● **Work instruction**
Copy every line from the records that holds the word "subsetP".

● **Listed entries**

# # # # #

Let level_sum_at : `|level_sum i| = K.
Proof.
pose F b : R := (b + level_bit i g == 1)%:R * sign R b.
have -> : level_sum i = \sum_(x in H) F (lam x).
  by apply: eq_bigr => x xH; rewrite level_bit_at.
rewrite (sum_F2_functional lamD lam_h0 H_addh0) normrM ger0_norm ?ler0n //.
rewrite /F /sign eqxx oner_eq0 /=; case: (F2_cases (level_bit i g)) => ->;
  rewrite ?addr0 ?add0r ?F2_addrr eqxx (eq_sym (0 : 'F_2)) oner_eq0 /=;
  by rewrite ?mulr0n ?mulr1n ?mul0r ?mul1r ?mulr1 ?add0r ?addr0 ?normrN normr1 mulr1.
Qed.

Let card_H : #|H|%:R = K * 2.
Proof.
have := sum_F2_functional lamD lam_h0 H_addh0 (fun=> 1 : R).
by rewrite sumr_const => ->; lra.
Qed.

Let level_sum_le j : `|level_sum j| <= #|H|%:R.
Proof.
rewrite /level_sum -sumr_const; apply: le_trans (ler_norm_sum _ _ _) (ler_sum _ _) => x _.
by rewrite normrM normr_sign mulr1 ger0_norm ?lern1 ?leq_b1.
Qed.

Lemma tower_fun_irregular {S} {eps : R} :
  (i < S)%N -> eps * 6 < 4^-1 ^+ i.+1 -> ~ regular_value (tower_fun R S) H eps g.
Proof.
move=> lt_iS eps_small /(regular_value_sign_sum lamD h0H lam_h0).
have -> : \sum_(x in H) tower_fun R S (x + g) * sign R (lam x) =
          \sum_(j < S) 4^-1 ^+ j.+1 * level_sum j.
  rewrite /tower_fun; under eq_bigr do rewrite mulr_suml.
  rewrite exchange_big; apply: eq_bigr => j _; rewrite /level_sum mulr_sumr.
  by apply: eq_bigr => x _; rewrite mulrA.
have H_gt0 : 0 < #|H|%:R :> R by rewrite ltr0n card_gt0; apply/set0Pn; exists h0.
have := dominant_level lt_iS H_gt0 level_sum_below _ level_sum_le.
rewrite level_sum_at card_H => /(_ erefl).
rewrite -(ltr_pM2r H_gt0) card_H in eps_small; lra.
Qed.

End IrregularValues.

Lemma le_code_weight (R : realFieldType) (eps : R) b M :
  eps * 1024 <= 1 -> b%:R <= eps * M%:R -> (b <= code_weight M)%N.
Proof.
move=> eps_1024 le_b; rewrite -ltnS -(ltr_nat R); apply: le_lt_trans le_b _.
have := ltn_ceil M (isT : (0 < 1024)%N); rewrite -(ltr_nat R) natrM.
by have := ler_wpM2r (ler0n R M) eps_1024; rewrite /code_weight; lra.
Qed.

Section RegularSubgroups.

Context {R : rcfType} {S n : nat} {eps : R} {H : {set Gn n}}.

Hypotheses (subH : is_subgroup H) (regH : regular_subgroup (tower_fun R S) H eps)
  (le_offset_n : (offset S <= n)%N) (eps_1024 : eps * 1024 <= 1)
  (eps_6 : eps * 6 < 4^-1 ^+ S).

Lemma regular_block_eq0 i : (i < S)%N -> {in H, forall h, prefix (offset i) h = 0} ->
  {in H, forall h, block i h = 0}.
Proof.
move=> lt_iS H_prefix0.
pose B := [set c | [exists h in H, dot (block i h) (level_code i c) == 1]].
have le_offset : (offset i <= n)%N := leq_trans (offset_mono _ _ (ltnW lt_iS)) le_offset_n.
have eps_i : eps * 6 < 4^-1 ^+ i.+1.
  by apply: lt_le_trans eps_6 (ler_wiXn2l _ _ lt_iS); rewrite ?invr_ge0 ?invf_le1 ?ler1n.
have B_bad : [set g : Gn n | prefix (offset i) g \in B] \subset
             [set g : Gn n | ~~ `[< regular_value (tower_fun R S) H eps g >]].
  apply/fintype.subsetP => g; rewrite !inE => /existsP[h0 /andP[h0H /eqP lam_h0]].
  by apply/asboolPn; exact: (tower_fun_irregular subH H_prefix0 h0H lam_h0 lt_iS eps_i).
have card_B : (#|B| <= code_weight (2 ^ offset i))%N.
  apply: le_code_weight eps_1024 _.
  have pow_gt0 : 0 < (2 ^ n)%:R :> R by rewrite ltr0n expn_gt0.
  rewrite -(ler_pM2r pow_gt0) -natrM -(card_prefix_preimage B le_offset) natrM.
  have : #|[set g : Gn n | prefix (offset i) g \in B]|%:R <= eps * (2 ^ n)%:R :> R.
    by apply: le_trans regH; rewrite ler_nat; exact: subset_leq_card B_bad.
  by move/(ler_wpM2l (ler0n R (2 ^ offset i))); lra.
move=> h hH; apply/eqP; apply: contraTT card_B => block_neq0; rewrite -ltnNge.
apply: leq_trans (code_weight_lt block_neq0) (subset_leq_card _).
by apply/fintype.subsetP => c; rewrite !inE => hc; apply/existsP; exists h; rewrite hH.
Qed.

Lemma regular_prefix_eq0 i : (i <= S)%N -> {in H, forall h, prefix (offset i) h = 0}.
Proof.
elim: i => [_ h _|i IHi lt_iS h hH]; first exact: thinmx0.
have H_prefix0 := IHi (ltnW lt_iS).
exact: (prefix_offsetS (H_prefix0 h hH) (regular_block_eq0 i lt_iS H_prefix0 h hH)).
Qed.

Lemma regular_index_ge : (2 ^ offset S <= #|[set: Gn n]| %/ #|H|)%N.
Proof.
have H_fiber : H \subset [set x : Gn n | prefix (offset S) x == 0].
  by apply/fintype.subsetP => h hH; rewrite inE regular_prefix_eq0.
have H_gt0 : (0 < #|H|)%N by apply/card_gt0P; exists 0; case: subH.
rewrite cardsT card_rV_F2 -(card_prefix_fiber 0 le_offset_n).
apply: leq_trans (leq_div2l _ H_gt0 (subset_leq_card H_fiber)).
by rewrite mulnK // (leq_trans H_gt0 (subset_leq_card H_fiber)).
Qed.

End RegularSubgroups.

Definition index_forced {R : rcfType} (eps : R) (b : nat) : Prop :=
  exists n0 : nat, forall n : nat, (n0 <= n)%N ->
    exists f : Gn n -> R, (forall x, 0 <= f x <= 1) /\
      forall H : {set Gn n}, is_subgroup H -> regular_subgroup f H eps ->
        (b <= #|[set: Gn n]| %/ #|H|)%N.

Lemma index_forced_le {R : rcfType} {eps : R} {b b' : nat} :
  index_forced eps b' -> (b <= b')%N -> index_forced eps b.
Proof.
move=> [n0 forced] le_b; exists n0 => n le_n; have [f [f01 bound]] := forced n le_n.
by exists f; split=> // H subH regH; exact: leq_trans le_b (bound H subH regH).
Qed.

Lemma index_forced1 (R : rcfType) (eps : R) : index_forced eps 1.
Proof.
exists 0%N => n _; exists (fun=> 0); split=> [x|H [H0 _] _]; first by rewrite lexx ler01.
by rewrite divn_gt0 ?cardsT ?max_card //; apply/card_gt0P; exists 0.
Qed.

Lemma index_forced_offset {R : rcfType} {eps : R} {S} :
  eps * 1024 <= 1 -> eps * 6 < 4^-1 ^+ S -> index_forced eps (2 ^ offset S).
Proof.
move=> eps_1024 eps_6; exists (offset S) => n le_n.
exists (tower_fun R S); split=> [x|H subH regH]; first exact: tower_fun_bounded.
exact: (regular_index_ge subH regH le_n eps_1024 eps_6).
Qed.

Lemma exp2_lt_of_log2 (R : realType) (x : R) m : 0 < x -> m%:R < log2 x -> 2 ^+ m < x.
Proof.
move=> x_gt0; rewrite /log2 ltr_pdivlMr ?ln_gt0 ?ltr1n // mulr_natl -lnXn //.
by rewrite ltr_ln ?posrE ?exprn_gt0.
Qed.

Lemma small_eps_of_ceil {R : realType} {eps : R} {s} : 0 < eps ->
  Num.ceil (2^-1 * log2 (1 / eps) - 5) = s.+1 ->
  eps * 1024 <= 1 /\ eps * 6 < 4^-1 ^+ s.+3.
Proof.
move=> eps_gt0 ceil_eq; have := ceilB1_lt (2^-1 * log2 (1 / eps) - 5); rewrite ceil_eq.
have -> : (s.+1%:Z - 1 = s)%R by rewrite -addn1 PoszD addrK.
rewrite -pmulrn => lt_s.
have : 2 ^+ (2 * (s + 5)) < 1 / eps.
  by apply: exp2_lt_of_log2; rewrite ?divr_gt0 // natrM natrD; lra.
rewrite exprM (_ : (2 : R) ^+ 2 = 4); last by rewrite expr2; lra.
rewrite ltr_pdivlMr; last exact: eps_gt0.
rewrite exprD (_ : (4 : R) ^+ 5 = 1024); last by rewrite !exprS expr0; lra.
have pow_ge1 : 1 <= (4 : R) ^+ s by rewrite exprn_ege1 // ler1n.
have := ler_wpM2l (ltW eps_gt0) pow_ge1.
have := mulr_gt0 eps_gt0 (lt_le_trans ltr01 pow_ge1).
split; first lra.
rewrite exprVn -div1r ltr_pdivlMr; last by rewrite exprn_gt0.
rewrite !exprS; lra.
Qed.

# # # # #

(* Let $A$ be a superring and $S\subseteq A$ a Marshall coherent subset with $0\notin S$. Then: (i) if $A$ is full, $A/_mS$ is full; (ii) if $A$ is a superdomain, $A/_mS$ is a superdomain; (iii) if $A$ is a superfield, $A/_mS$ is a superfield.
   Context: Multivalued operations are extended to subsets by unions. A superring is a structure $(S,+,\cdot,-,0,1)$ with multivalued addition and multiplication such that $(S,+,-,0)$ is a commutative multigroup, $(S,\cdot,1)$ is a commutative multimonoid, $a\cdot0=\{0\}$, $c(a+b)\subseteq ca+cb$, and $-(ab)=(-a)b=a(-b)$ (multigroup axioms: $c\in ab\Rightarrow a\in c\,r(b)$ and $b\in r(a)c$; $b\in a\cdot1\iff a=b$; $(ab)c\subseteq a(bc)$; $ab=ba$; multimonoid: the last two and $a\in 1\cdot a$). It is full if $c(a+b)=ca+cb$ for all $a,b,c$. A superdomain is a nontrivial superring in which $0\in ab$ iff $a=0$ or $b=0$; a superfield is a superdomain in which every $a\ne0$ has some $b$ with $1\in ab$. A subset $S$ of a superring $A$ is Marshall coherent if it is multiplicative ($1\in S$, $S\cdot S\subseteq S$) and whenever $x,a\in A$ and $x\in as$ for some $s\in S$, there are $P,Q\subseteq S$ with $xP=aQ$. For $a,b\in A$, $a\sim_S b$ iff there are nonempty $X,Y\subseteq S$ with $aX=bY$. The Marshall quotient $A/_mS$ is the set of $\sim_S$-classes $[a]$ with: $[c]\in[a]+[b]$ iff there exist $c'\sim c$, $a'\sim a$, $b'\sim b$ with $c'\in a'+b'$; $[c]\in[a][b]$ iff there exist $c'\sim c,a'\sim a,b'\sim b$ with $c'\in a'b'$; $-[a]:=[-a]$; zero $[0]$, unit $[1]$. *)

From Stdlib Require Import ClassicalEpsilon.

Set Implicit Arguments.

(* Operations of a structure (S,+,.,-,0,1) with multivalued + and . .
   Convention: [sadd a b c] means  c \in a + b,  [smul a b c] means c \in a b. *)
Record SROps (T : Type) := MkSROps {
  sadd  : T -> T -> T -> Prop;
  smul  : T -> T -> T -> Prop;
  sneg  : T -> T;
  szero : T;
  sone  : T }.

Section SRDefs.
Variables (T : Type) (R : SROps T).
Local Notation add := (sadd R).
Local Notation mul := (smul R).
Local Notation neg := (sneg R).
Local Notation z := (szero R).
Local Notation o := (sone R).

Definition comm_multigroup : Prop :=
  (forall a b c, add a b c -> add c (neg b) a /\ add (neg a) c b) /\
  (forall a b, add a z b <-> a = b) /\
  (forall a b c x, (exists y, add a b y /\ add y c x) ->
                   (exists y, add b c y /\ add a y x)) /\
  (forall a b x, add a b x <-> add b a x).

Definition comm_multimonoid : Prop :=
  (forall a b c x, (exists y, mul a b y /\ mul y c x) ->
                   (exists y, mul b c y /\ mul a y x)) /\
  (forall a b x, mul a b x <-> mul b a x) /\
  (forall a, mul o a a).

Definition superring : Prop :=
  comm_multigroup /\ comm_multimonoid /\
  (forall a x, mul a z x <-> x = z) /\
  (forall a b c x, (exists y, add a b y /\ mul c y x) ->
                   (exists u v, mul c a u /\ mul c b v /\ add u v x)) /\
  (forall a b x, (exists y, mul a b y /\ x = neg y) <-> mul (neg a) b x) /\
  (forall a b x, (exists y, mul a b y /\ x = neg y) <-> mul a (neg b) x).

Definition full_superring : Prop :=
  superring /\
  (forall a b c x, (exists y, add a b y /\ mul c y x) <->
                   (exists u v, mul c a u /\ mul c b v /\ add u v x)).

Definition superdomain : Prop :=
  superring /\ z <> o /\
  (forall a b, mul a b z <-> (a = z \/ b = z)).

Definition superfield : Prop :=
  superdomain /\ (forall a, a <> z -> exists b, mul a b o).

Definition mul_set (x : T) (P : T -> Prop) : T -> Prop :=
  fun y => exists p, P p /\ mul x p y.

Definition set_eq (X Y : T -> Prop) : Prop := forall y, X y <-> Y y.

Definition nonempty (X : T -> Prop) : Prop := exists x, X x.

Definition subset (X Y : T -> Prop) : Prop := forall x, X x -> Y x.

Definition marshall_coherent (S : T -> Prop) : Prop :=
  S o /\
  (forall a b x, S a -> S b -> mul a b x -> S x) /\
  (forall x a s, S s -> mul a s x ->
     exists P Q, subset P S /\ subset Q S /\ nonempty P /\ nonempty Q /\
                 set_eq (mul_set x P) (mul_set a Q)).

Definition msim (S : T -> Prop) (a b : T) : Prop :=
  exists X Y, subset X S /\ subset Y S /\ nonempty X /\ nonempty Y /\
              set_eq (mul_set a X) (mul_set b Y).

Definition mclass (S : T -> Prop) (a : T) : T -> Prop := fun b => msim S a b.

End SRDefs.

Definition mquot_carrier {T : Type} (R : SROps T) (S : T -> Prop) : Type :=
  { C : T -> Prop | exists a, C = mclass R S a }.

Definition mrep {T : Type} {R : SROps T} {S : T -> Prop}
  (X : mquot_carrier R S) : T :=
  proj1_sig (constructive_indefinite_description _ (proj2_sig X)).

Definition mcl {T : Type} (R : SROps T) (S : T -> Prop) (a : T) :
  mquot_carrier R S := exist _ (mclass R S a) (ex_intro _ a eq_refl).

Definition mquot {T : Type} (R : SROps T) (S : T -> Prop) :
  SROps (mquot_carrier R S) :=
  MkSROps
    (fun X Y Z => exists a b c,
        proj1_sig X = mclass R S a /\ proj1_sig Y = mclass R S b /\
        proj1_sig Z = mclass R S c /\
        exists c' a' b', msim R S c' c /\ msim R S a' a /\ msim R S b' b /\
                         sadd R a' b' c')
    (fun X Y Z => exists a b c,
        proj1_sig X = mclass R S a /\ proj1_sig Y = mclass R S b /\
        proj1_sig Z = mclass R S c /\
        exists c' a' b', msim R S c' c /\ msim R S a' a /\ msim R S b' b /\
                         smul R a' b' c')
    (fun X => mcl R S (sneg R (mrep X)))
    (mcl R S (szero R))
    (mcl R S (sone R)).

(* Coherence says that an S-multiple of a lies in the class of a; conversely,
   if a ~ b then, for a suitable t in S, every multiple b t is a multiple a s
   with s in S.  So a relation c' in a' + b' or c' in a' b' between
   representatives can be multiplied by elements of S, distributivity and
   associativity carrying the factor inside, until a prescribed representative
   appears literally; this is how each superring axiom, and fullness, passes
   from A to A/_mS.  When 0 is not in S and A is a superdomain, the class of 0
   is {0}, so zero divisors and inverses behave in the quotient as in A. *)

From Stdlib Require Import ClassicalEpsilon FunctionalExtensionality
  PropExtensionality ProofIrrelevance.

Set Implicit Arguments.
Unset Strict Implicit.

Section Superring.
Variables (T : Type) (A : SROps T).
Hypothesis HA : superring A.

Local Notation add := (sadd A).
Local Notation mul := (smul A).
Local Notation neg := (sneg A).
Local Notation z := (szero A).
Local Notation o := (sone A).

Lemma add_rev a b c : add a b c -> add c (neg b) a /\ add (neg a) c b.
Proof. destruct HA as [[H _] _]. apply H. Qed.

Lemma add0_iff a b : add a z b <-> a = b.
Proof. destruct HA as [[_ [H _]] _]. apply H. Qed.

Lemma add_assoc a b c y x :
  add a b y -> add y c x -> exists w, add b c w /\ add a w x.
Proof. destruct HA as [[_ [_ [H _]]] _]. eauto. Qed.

# # # # #

● **Answer space**
  apply/fintype.subsetP => g; rewrite !inE => /existsP[h0 /andP[h0H /eqP lam_h0]].
by apply/fintype.subsetP => c; rewrite !inE => hc; apply/existsP; exists h; rewrite hH.
  by apply/fintype.subsetP => h hH; rewrite inE regular_prefix_eq0.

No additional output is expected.